Problem to work on:
The line containing "by rewrite eq_le le0 sqr_ge0." marks where to begin; quote it and every line after it through the end of the data, exactly as written.

Data for this task section start

Lemma sol_sqrdist_le c c' y1 y2 : 1 < c -> 1 < c' -> ode_sol c y1 -> ode_sol c' y2 ->
  forall s, 1 <= s -> (y1 s - y2 s) ^+ 2 <= (c - c') ^+ 2.
Proof.
move=> c1 c'1 sol1 sol2; have [y11 cy1 Dy1] := sol1; have [y21 cy2 Dy2] := sol2.
pose D s := (y1 s - y2 s) ^+ 2.
have DD (x : R) : 1 < x -> is_derive x 1 D
    (2 * (y1 x - y2 x) * (H (y1 x) - H (y2 x)) / (C * x)).
  move=> x1; have := Dy1 x x1; have := Dy2 x x1 => D2 D1.
  have x0 : 0 < x by lra.
  by apply: is_derive_eq; rewrite /GRing.scale /=; field; rewrite !gt_eqF.
move=> s s1; rewrite -y11 -y21 -/(D s) -/(D 1).
apply: (ler0_derive1_nincry _ _ _ (lexx 1) s1) => [x|x|].
- by rewrite in_itv /= andbT => x1; have [] := DD x x1.
- rewrite in_itv /= andbT => x1; rewrite derive1E; have [_ ->] := DD x x1.
  have u1 := sol_gt1 c1 sol1 (ltW x1); have v1 := sol_gt1 c'1 sol2 (ltW x1).
  have mono : (y1 x - y2 x) * (H (y1 x) - H (y2 x)) <= 0.
    have [le12|lt21] := lerP (y1 x) (y2 x).
    + by have := H_nonincr (ltW u1) le12; nra.
    + by have := H_nonincr (ltW v1) (ltW lt21); nra.
  have Cx : 0 < C * x by rewrite mulr_gt0 //; lra.
  by rewrite pmulr_lle0 ?invr_gt0 // -mulrA pmulr_rle0.
- move=> x; apply: (@continuousM R (subspace _) (fun s => y1 s - y2 s)) => //;
  by apply: (@continuousB R R (subspace _) y1 y2); [exact: cy1 | exact: cy2].
Qed.

Lemma sol_unique c y1 y2 : 1 < c -> ode_sol c y1 -> ode_sol c y2 ->
  forall s, 1 <= s -> y1 s = y2 s.
Proof.
move=> c1 sol1 sol2 s s1; have := sol_sqrdist_le c1 c1 sol1 sol2 s1.
rewrite subrr expr0n /= => le0; apply/eqP; rewrite -subr_eq0 -sqrf_eq0.
by rewrite eq_le le0 sqr_ge0.
Qed.

Section Flow.
Variable W : R -> R -> R.
Hypothesis W_sol : forall c : R, 1 < c -> ode_sol c (W c).

Lemma W_rescale (c t s : R) : 1 < c -> 1 < t -> 1 <= s -> W (W c t) s = W c (t * s).
Proof.
move=> c1 t1 s1; have Wct1 := sol_gt1 c1 (W_sol c1) (ltW t1).
exact: sol_unique Wct1 (W_sol Wct1) (sol_rescale (W_sol c1) t1) s s1.
Qed.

Data for this task section end

Exercise answer:
by rewrite eq_le le0 sqr_ge0.
Qed.

Section Flow.
Variable W : R -> R -> R.
Hypothesis W_sol : forall c : R, 1 < c -> ode_sol c (W c).

Lemma W_rescale (c t s : R) : 1 < c -> 1 < t -> 1 <= s -> W (W c t) s = W c (t * s).
Proof.
move=> c1 t1 s1; have Wct1 := sol_gt1 c1 (W_sol c1) (ltW t1).
exact: sol_unique Wct1 (W_sol Wct1) (sol_rescale (W_sol c1) t1) s s1.
Qed.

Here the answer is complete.